- **Problem requirements**
Where the listing below reaches the line containing "Theorem mainTheorem9 (R", start writing out lines exactly, and stop once the line containing "apply: (near_forall_finite (P" has been written.

= Beginning of Section =

(* Let $G$ be a compact Abelian group with a continuous length function $l$, and let $(H_n)_{n\in\mathbb{N}}$ be closed subgroups of $G$ converging to $G$ for the Hausdorff distance of $d_l(g,g')=l(g^{-1}g')$. For each $n$ let $J_n\subseteq\widehat G$ be the annihilator of $H_n$. Let $F$ be a finite subset of $\widehat G\setminus\{1\}$. Then there exists $N\in\mathbb{N}$ such that $J_n\cap F=\varnothing$ for all $n\ge N$.
   Context: A length function: $l\ge0$, $l(g)=0$ iff $g$ is the unit, symmetric, subadditive. $1$ denotes the trivial character. *)

From HB Require Import structures.
From mathcomp Require Import all_boot all_order all_algebra.
From mathcomp Require Import complex.
From mathcomp Require Import all_classical all_reals all_analysis.
Import numFieldNormedType.Exports.

Set Implicit Arguments.
Unset Strict Implicit.
Unset Printing Implicit Defensive.
Import Order.TTheory GRing.Theory Num.Theory.

Local Open Scope classical_set_scope.
Local Open Scope ring_scope.

HB.instance Definition _ (R : rcfType) := PseudoPointedMetric.copy R[i] (R[i])^o.

Section Defs.
Variable R : realType.

Definition length_function (G : zmodType) (l : G -> R) : Prop :=
  [/\ (forall g, 0 <= l g),
      (forall g, l g = 0 <-> g = 0),
      (forall g, l (- g) = l g) &
      (forall g h, l (g + h) <= l g + l h)].

(* d_l(g, g') = l(g^{-1} g'), additively l(-g + g'). *)
Definition dl (G : zmodType) (l : G -> R) (g g' : G) : R := l (- g + g').

Definition hausdorff_dist (T : Type) (d : T -> T -> R) (A B : set T) : \bar R :=
  maxe (ereal_sup [set ereal_inf [set (d a b)%:E | b in B] | a in A])
       (ereal_sup [set ereal_inf [set (d a b)%:E | a in A] | b in B]).

Definition closed_subgroup (G : topologicalZmodType) (H : set G) : Prop :=
  [/\ closed H, H 0 & (forall x y, H x -> H y -> H (x - y))].

Definition is_character (G : topologicalZmodType) (chi : G -> R[i]) : Prop :=
  [/\ (forall x y, chi (x + y) = chi x * chi y),
      (forall x, `|chi x| = 1) &
      continuous chi].

Definition dual (G : topologicalZmodType) : set (G -> R[i]) :=
  [set chi | is_character chi].

Definition trivial_char (G : topologicalZmodType) : G -> R[i] := fun _ => 1.

Definition annihilator (G : topologicalZmodType) (H : set G) : set (G -> R[i]) :=
  [set chi | @dual G chi /\ (forall h, H h -> chi h = 1)].

End Defs.
Arguments dual {R} G.
Arguments trivial_char {R} G.

From HB Require Import structures.
From mathcomp Require Import all_boot all_order all_algebra.
From mathcomp Require Import complex.
From mathcomp Require Import all_classical all_reals all_analysis.
Import numFieldNormedType.Exports.

Set Implicit Arguments.
Unset Strict Implicit.
Unset Printing Implicit Defensive.
Import Order.TTheory GRing.Theory Num.Theory.
Local Open Scope classical_set_scope.
Local Open Scope ring_scope.

(** For a nontrivial character [chi] pick [g] with [chi g != 1]; by continuity
    [chi x != chi g] on a neighbourhood [U] of [0].  On the compact set
    [~` U] the continuous length [l] stays away from [0], so [l x < d] forces
    [x \in U] for some [d > 0].  Once the Hausdorff distance from [H n] to [G]
    is below [d], some [a \in H n] has [l (- a + g) < d]; if [chi] annihilated
    [H n] we would get [chi (- a + g) = chi g].  For finite [F] take the
    largest of the finitely many thresholds. *)

Lemma near_forall_finite (I T : Type) (F : set_system T) (A : set I)
    (P : I -> T -> Prop) :
  Filter F -> finite_set A -> (forall i, A i -> \forall x \near F, P i x) ->
  \forall x \near F, forall i, A i -> P i x.
Proof.
elim/Pchoice: I => I in A P *.
move=> FF /finite_fsetP[X ->] PX.
apply: filterS (filter_bigI (f := P) FF _); first by move=> x XP i /XP.
by move=> i /PX.
Qed.

Lemma compact_sublevel_subset_nbhs (R : realType) (T : topologicalType)
    (f : T -> R) (x0 : T) (U : set T) :
  compact [set: T] -> continuous f -> (forall x, f x = 0 -> x = x0) ->
  nbhs x0 U -> exists2 d : R, 0 < d & forall x, `|f x| < d -> U x.
Proof.
move=> cT cf f0 Ux0.
pose K := ~` U°.
have cK : compact K.
  exact: subclosed_compact (open_closedC (@open_interior _ U)) cT _.
have clfK : closed (f @` K).
  apply: compact_closed; first exact: Rhausdorff.
  by apply: continuous_compact => //; exact: continuous_subspaceT.
have nfK0 : ~ (f @` K) 0 by move=> [x Kx /f0 x0E]; apply: Kx; rewrite x0E.
have /nbhs_ballP[d /= d0 dfK] : nbhs (0 : R) (~` (f @` K)).
  by apply: open_nbhs_nbhs; split => //; exact: closed_openC.
exists d => // x fxd; apply: interior_subset; apply: contrapT => Kx.
by apply: (dfK (f x)); [rewrite /ball /= sub0r normrN | exists x].
Qed.

Lemma hausdorff_dist_lt (R : realType) (T : Type) (d : T -> T -> R)
    (A B : set T) (e : R) (b : T) :
  (hausdorff_dist d A B < e%:E)%E -> B b -> exists2 a, A a & d a b < e.
Proof.
move=> ABe Bb.
have infAb : (ereal_inf [set (d a b)%:E | a in A] < e%:E)%E.
  apply: le_lt_trans ABe; rewrite /hausdorff_dist le_max; apply/orP; right.
  by apply: ereal_sup_ubound; exists b.
by have /ereal_inf_lt[_ [a Aa <-]] := infAb; exists a.
Qed.

Section Character.
Variables (R : realType) (G : topologicalZmodType) (chi : G -> R[i]).
Hypothesis chi_char : dual G chi.

Lemma char0 : chi 0 = 1.
Proof.
have [chiD chi_norm _] := chi_char.
have chi0_neq0 : chi 0 != 0 by rewrite -normr_eq0 chi_norm oner_eq0.
by apply: (mulfI chi0_neq0); rewrite -chiD addr0 mulr1.
Qed.

Lemma char_addKl (a g : G) : chi a = 1 -> chi (- a + g) = chi g.
Proof.
have [chiD _ _] := chi_char.
by move=> chia1; rewrite -[LHS]mul1r -chia1 -chiD addNKr.
Qed.

Lemma nbhs0_char_neq (g : G) :
  chi g != 1 -> nbhs (0 : G) [set x | chi x != chi g].
Proof.
have [_ _ chi_cont] := chi_char.
move=> chig1; suff: nbhs (chi 0) [set y | y != chi g] by exact: chi_cont.
rewrite char0; apply: open_nbhs_nbhs; split; last by rewrite /= eq_sym.
have -> : [set y | y != chi g] = ~` [set chi g].
  by apply/seteqP; split => y /=; move/eqP.
apply: closed_openC; apply: accessible_closed_set1.
exact/hausdorff_accessible/(@norm_hausdorff _ R[i]^o).
Qed.

End Character.

Lemma near_not_annihilator (R : realType) (G : topologicalZmodType)
    (l : G -> R) (H : nat -> set G) (chi : G -> R[i]) :
  compact [set: G] -> length_function l -> continuous l ->
  (hausdorff_dist (dl l) (H n) [set: G]) @[n --> \oo] --> 0%E ->
  dual G chi -> chi <> trivial_char G ->
  \forall n \near \oo, ~ annihilator (H n) chi.
Proof.
move=> cG [l_ge0 l_eq0 _ _] l_cont HG chi_char chi_neq1.
have [g chig1] : exists g, chi g != 1.
  apply/not_existsP => chi_eq1; apply: chi_neq1; apply/funext => x.
  by apply/eqP/negPn/negP/chi_eq1.
have [d d_gt0 small_l] := compact_sublevel_subset_nbhs cG l_cont
  (fun x => (l_eq0 x).1) (nbhs0_char_neq chi_char chig1).
have d_gt0E : (0 < d%:E)%E by rewrite lte_fin.
near=> n => -[_ chiH].
have HGd : (hausdorff_dist (dl l) (H n) [set: G] < d%:E)%E.
  by near: n; exact: HG _ (open_ereal_lt' d_gt0E).
have [a Ha lag] := hausdorff_dist_lt (b := g) HGd I.
have /negP[] : chi (- a + g) != chi g by apply: small_l; rewrite ger0_norm.
by rewrite char_addKl // chiH.
Unshelve. all: by end_near.
Qed.

Theorem mainTheorem9 (R : realType) (G : topologicalZmodType) (l : G -> R)
    (H : nat -> set G) (F : set (G -> R[i])) :
  compact [set: G] ->
  length_function l -> continuous l ->
  (forall n, closed_subgroup (H n)) ->
  (hausdorff_dist (dl l) (H n) [set: G]) @[n --> \oo] --> 0%E ->
  finite_set F ->
  F `<=` dual G `\` [set trivial_char G] ->
  exists N : nat, forall n : nat, (N <= n)%N -> annihilator (H n) `&` F = set0.
Proof.
move=> cG l_len l_cont _ HG finF F_nontriv.
have [N _ HN] :
    \forall n \near \oo, forall chi, F chi -> ~ annihilator (H n) chi.
  apply: (near_forall_finite (P := fun chi n => ~ annihilator (H n) chi)) => //.
  move=> chi /F_nontriv[chi_char chi_neq1].
  exact: (near_not_annihilator cG l_len l_cont HG chi_char chi_neq1).
exists N => n /HN HNn; apply/seteqP; split=> // chi [chiH Fchi].
exact: HNn _ Fchi chiH.
Qed.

= End of Section =

- **Result of this task**
Theorem mainTheorem9 (R : realType) (G : topologicalZmodType) (l : G -> R)
    (H : nat -> set G) (F : set (G -> R[i])) :
  compact [set: G] ->
  length_function l -> continuous l ->
  (forall n, closed_subgroup (H n)) ->
  (hausdorff_dist (dl l) (H n) [set: G]) @[n --> \oo] --> 0%E ->
  finite_set F ->
  F `<=` dual G `\` [set trivial_char G] ->
  exists N : nat, forall n : nat, (N <= n)%N -> annihilator (H n) `&` F = set0.
Proof.
move=> cG l_len l_cont _ HG finF F_nontriv.
have [N _ HN] :
    \forall n \near \oo, forall chi, F chi -> ~ annihilator (H n) chi.
  apply: (near_forall_finite (P := fun chi n => ~ annihilator (H n) chi)) => //.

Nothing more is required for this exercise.